[Dataset entries]
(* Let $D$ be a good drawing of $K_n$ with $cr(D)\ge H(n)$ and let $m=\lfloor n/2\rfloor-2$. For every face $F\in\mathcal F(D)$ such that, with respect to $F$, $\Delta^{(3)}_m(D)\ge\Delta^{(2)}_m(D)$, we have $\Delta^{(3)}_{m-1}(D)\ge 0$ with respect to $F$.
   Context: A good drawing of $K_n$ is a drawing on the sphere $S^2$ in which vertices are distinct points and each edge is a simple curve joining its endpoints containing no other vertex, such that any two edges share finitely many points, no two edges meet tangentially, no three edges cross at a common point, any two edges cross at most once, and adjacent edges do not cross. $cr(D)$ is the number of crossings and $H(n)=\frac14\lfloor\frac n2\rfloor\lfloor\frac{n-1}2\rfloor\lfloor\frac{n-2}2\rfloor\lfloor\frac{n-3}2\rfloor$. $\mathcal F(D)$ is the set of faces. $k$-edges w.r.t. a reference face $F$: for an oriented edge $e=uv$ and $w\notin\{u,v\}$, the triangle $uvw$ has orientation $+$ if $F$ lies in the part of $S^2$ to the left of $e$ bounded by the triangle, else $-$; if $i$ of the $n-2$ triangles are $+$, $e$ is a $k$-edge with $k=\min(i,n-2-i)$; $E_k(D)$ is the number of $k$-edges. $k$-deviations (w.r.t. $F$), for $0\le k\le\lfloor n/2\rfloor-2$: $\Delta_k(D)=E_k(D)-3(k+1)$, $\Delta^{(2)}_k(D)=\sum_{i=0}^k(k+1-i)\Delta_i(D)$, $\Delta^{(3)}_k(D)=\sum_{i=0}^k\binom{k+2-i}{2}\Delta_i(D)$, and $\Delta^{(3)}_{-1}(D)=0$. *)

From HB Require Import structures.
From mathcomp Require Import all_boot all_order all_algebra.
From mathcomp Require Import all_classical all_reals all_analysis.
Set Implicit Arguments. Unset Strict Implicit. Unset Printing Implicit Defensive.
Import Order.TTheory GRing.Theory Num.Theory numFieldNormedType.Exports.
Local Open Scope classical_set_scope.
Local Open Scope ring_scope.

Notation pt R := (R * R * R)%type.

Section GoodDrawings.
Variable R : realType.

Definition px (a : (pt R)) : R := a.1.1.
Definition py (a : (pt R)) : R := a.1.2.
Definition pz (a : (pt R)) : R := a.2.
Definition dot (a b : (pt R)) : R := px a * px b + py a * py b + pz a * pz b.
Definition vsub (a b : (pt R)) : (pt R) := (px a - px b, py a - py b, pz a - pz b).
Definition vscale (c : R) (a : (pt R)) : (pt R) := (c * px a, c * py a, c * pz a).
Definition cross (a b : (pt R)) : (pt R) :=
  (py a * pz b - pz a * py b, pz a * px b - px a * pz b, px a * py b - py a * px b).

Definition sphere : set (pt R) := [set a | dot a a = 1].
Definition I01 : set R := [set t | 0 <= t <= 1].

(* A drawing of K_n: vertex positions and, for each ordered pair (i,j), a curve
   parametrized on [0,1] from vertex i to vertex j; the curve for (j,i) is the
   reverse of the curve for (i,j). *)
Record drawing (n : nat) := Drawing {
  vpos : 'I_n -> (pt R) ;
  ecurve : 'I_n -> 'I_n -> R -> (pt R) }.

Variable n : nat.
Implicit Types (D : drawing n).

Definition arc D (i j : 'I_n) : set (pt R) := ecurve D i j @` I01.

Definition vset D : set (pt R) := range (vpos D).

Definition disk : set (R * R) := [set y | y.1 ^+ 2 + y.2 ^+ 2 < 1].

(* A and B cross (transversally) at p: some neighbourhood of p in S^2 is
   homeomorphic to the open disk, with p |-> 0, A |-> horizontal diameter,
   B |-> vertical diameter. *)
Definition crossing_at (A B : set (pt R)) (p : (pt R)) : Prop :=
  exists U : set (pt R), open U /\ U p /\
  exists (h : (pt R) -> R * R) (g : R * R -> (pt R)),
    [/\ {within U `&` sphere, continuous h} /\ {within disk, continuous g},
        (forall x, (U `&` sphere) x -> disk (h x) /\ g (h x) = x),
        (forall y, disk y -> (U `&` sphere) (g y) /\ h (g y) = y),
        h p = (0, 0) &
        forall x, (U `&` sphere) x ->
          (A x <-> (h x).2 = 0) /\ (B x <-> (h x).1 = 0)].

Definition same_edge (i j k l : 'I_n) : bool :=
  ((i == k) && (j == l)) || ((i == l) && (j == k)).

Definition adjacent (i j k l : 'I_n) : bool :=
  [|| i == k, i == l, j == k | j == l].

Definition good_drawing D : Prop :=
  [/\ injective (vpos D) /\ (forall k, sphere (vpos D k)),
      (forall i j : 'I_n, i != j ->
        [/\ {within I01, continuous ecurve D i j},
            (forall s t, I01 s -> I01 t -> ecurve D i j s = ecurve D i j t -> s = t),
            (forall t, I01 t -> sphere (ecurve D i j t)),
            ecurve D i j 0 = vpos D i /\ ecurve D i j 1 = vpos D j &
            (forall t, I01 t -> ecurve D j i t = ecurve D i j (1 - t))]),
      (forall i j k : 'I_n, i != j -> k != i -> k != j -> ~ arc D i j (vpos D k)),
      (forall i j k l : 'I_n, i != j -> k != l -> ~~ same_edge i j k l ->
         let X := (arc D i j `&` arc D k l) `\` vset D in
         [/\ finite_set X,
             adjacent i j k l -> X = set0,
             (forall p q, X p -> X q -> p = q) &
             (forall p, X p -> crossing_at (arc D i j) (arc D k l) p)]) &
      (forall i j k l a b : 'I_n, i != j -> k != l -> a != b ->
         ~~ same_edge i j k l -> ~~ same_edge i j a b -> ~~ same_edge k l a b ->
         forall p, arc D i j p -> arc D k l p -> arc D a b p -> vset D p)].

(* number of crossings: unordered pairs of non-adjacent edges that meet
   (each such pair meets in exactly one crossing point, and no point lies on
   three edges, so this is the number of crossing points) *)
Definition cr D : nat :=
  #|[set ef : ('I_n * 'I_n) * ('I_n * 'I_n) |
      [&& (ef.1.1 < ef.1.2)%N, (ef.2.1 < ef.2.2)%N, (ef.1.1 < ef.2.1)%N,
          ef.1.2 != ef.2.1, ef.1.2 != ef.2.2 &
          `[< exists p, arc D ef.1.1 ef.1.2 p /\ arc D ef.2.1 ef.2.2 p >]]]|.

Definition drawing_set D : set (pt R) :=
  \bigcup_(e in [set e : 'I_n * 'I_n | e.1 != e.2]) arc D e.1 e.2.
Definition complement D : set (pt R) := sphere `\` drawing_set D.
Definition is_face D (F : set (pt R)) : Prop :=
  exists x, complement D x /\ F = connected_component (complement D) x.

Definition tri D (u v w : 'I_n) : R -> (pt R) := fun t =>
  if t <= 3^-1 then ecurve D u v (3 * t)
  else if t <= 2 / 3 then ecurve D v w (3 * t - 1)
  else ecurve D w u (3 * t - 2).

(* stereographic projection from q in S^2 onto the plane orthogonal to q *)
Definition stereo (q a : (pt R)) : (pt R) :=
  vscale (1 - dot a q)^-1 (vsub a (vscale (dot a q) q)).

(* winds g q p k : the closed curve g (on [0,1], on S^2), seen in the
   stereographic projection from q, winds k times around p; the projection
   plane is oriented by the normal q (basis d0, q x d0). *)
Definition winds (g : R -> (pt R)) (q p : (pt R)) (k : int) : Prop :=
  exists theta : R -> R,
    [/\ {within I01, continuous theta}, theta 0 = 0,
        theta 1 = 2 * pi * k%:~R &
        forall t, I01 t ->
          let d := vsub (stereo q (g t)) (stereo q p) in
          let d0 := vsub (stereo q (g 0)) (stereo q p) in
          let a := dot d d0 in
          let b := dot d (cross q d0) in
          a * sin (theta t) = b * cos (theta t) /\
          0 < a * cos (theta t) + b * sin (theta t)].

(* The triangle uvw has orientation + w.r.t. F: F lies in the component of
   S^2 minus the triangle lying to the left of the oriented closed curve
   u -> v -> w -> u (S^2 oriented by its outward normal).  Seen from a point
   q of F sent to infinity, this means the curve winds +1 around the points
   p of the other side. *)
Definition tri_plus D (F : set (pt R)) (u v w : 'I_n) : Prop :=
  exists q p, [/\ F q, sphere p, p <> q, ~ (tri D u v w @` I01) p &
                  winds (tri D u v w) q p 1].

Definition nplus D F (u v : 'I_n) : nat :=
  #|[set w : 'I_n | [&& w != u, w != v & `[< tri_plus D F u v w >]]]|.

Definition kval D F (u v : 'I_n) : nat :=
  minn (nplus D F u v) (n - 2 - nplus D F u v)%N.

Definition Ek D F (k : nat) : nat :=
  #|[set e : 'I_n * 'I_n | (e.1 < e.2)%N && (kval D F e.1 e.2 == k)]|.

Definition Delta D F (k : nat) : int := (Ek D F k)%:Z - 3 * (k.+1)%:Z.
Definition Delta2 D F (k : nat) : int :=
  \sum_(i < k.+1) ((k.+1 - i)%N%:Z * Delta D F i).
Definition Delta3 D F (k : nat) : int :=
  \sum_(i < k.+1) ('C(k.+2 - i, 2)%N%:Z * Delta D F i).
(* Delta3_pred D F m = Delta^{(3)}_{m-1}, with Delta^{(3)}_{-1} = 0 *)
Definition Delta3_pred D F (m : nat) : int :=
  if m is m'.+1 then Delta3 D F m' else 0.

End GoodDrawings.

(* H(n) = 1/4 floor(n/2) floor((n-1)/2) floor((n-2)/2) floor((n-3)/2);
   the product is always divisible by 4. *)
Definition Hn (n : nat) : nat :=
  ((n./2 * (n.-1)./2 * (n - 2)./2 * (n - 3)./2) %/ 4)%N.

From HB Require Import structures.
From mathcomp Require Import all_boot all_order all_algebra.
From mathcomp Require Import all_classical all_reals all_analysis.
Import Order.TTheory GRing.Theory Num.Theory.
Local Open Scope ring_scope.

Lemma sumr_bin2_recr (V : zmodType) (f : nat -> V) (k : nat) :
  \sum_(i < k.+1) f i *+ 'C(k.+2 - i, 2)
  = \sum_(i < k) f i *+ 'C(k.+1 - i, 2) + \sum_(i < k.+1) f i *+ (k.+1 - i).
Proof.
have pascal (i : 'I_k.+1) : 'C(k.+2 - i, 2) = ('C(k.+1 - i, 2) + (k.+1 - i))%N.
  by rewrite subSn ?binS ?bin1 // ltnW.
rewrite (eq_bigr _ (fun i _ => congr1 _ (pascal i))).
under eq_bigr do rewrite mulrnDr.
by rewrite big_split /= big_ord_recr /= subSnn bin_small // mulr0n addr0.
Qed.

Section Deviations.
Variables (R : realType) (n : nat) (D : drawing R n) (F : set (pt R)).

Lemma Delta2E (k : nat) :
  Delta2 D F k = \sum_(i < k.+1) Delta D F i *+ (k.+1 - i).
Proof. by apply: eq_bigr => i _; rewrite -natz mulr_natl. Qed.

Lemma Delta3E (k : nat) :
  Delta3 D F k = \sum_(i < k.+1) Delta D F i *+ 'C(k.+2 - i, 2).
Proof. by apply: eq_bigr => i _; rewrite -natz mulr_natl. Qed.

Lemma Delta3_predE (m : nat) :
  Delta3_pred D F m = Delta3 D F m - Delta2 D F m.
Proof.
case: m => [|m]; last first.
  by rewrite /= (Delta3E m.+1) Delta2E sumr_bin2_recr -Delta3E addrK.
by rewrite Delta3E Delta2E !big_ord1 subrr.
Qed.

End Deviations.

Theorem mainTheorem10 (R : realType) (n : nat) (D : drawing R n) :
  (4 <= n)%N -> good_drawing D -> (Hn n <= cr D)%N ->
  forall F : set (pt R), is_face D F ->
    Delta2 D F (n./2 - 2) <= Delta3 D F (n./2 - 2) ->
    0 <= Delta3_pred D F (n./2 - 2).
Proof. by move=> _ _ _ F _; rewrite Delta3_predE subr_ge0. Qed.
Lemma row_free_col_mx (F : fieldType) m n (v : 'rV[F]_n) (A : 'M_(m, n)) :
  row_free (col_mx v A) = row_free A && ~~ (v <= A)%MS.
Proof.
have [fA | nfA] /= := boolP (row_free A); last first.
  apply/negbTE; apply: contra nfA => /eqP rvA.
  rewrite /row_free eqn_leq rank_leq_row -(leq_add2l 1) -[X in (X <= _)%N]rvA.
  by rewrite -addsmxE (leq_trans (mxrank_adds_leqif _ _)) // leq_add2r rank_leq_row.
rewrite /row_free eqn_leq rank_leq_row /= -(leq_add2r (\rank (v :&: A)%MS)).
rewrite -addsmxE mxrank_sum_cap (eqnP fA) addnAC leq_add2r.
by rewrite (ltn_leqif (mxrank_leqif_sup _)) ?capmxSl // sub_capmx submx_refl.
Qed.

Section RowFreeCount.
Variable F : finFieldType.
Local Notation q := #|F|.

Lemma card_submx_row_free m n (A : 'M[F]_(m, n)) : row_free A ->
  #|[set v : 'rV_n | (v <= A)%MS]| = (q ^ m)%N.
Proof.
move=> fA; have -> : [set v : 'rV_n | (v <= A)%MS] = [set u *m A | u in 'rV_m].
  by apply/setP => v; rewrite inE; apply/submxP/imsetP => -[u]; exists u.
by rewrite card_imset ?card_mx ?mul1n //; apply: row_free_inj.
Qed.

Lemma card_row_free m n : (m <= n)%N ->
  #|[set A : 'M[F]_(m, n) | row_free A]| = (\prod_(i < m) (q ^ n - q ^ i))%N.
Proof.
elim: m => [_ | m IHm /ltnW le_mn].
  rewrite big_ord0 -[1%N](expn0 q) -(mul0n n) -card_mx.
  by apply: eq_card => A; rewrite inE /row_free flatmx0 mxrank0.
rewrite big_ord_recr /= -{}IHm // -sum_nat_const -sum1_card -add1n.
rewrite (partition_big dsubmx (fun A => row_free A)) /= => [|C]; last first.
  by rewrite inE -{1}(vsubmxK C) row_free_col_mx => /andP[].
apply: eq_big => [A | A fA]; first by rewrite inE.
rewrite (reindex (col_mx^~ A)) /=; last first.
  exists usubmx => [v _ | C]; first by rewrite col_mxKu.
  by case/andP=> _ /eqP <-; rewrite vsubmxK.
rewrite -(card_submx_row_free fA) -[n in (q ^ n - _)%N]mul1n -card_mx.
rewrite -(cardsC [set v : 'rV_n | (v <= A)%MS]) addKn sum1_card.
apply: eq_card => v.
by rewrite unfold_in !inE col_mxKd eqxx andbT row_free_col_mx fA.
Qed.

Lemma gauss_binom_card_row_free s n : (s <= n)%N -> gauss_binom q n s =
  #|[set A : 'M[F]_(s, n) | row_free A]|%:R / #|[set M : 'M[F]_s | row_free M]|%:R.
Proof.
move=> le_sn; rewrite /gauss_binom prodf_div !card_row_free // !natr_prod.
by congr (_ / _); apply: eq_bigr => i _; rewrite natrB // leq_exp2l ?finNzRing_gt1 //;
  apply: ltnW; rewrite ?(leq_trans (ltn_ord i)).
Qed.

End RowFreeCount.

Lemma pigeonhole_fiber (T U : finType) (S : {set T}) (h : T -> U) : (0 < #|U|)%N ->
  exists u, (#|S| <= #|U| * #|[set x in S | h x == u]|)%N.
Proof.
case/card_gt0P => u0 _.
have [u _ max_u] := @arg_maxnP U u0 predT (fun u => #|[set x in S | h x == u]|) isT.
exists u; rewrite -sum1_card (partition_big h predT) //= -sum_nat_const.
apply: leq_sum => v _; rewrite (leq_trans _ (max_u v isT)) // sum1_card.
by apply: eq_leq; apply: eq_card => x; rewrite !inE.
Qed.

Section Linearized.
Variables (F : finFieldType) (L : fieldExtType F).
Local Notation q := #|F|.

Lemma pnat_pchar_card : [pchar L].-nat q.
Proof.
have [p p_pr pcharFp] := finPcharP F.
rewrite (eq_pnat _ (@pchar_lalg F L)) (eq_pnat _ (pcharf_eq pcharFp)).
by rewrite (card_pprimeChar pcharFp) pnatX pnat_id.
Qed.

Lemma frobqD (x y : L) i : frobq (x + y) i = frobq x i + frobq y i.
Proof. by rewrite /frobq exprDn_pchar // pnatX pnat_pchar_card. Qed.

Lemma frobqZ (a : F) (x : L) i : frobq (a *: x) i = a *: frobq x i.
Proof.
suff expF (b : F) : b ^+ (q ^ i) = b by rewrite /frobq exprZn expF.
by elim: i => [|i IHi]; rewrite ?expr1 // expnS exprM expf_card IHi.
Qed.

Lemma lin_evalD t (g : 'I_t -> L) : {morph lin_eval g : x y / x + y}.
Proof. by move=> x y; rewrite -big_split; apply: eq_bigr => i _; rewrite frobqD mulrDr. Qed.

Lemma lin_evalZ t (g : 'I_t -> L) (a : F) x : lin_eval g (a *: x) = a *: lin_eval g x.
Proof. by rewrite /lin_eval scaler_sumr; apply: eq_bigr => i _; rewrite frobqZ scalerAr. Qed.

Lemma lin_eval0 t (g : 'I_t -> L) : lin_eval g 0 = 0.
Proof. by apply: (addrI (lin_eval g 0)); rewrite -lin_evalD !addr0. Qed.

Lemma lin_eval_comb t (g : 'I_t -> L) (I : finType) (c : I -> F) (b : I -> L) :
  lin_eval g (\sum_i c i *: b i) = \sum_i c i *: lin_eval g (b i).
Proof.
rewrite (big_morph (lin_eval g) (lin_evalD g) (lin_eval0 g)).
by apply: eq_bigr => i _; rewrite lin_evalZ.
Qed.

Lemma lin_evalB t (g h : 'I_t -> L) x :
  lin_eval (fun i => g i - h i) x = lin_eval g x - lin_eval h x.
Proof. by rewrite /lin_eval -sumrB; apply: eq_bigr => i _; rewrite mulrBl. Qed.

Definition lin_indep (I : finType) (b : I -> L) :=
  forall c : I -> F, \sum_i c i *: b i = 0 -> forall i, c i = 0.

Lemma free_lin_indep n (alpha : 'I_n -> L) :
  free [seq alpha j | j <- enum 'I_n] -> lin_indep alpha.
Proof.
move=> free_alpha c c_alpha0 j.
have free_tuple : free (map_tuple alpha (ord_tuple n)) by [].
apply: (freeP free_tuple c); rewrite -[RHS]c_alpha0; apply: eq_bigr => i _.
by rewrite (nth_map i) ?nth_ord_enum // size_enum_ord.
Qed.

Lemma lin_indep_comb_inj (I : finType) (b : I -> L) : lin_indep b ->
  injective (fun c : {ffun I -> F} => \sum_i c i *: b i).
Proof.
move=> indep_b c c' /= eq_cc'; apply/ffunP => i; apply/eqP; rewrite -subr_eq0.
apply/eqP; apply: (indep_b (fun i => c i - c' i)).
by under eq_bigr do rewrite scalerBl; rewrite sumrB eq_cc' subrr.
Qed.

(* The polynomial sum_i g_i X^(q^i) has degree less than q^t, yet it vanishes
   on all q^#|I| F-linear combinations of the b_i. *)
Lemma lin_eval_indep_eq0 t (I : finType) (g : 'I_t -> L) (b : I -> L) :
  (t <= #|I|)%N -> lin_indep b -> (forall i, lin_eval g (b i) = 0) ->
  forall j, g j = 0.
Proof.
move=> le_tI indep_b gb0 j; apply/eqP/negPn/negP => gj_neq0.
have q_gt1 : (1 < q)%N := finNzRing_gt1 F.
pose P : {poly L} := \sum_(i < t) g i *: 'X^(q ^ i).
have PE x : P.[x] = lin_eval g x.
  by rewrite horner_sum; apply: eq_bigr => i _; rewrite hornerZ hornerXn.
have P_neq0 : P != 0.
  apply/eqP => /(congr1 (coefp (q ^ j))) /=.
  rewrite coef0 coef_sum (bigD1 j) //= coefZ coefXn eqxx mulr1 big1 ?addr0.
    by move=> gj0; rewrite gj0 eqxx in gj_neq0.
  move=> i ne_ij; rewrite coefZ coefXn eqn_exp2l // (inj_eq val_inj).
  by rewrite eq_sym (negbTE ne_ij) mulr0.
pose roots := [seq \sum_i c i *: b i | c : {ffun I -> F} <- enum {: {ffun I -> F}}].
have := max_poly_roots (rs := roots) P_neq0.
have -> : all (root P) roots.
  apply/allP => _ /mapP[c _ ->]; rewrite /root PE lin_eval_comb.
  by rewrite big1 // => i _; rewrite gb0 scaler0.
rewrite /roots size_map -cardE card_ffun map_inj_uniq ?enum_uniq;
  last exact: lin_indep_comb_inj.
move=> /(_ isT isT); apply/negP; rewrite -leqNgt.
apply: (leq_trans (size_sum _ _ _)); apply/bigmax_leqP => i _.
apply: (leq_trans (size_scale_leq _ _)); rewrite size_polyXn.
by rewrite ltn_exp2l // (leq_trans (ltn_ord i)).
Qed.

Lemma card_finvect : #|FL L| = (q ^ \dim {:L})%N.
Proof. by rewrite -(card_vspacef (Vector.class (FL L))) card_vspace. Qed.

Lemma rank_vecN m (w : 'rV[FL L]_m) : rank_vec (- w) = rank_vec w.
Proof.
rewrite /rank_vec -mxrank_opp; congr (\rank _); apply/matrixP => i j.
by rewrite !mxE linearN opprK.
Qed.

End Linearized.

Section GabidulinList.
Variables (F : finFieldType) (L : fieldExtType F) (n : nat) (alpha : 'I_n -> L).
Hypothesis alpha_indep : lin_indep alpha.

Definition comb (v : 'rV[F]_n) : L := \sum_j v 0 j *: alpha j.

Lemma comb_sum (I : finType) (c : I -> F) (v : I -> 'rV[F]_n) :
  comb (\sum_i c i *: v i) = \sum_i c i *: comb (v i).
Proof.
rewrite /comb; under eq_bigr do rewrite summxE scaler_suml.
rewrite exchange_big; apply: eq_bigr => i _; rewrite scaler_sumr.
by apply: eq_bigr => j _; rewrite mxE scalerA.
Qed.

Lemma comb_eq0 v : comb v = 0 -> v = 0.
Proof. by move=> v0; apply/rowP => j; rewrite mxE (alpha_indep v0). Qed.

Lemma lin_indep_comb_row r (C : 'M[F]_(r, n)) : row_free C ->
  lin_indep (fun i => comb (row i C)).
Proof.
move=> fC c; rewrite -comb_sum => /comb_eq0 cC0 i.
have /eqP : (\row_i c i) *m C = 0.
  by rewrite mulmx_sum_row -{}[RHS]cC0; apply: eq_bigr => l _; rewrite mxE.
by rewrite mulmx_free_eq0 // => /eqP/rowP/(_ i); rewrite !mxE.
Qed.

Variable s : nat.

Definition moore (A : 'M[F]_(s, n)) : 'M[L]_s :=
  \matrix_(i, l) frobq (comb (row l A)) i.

Problem to solve ▸ Retype exactly the lines above, from the one with "(forall i j k l a" through the one with "#|[set ef : ('I_n * 'I_n) * ('I_n * 'I_n) |", inclusive.

Written reply ▸
      (forall i j k l a b : 'I_n, i != j -> k != l -> a != b ->
         ~~ same_edge i j k l -> ~~ same_edge i j a b -> ~~ same_edge k l a b ->
         forall p, arc D i j p -> arc D k l p -> arc D a b p -> vset D p)].

(* number of crossings: unordered pairs of non-adjacent edges that meet
   (each such pair meets in exactly one crossing point, and no point lies on
   three edges, so this is the number of crossing points) *)
Definition cr D : nat :=
  #|[set ef : ('I_n * 'I_n) * ('I_n * 'I_n) |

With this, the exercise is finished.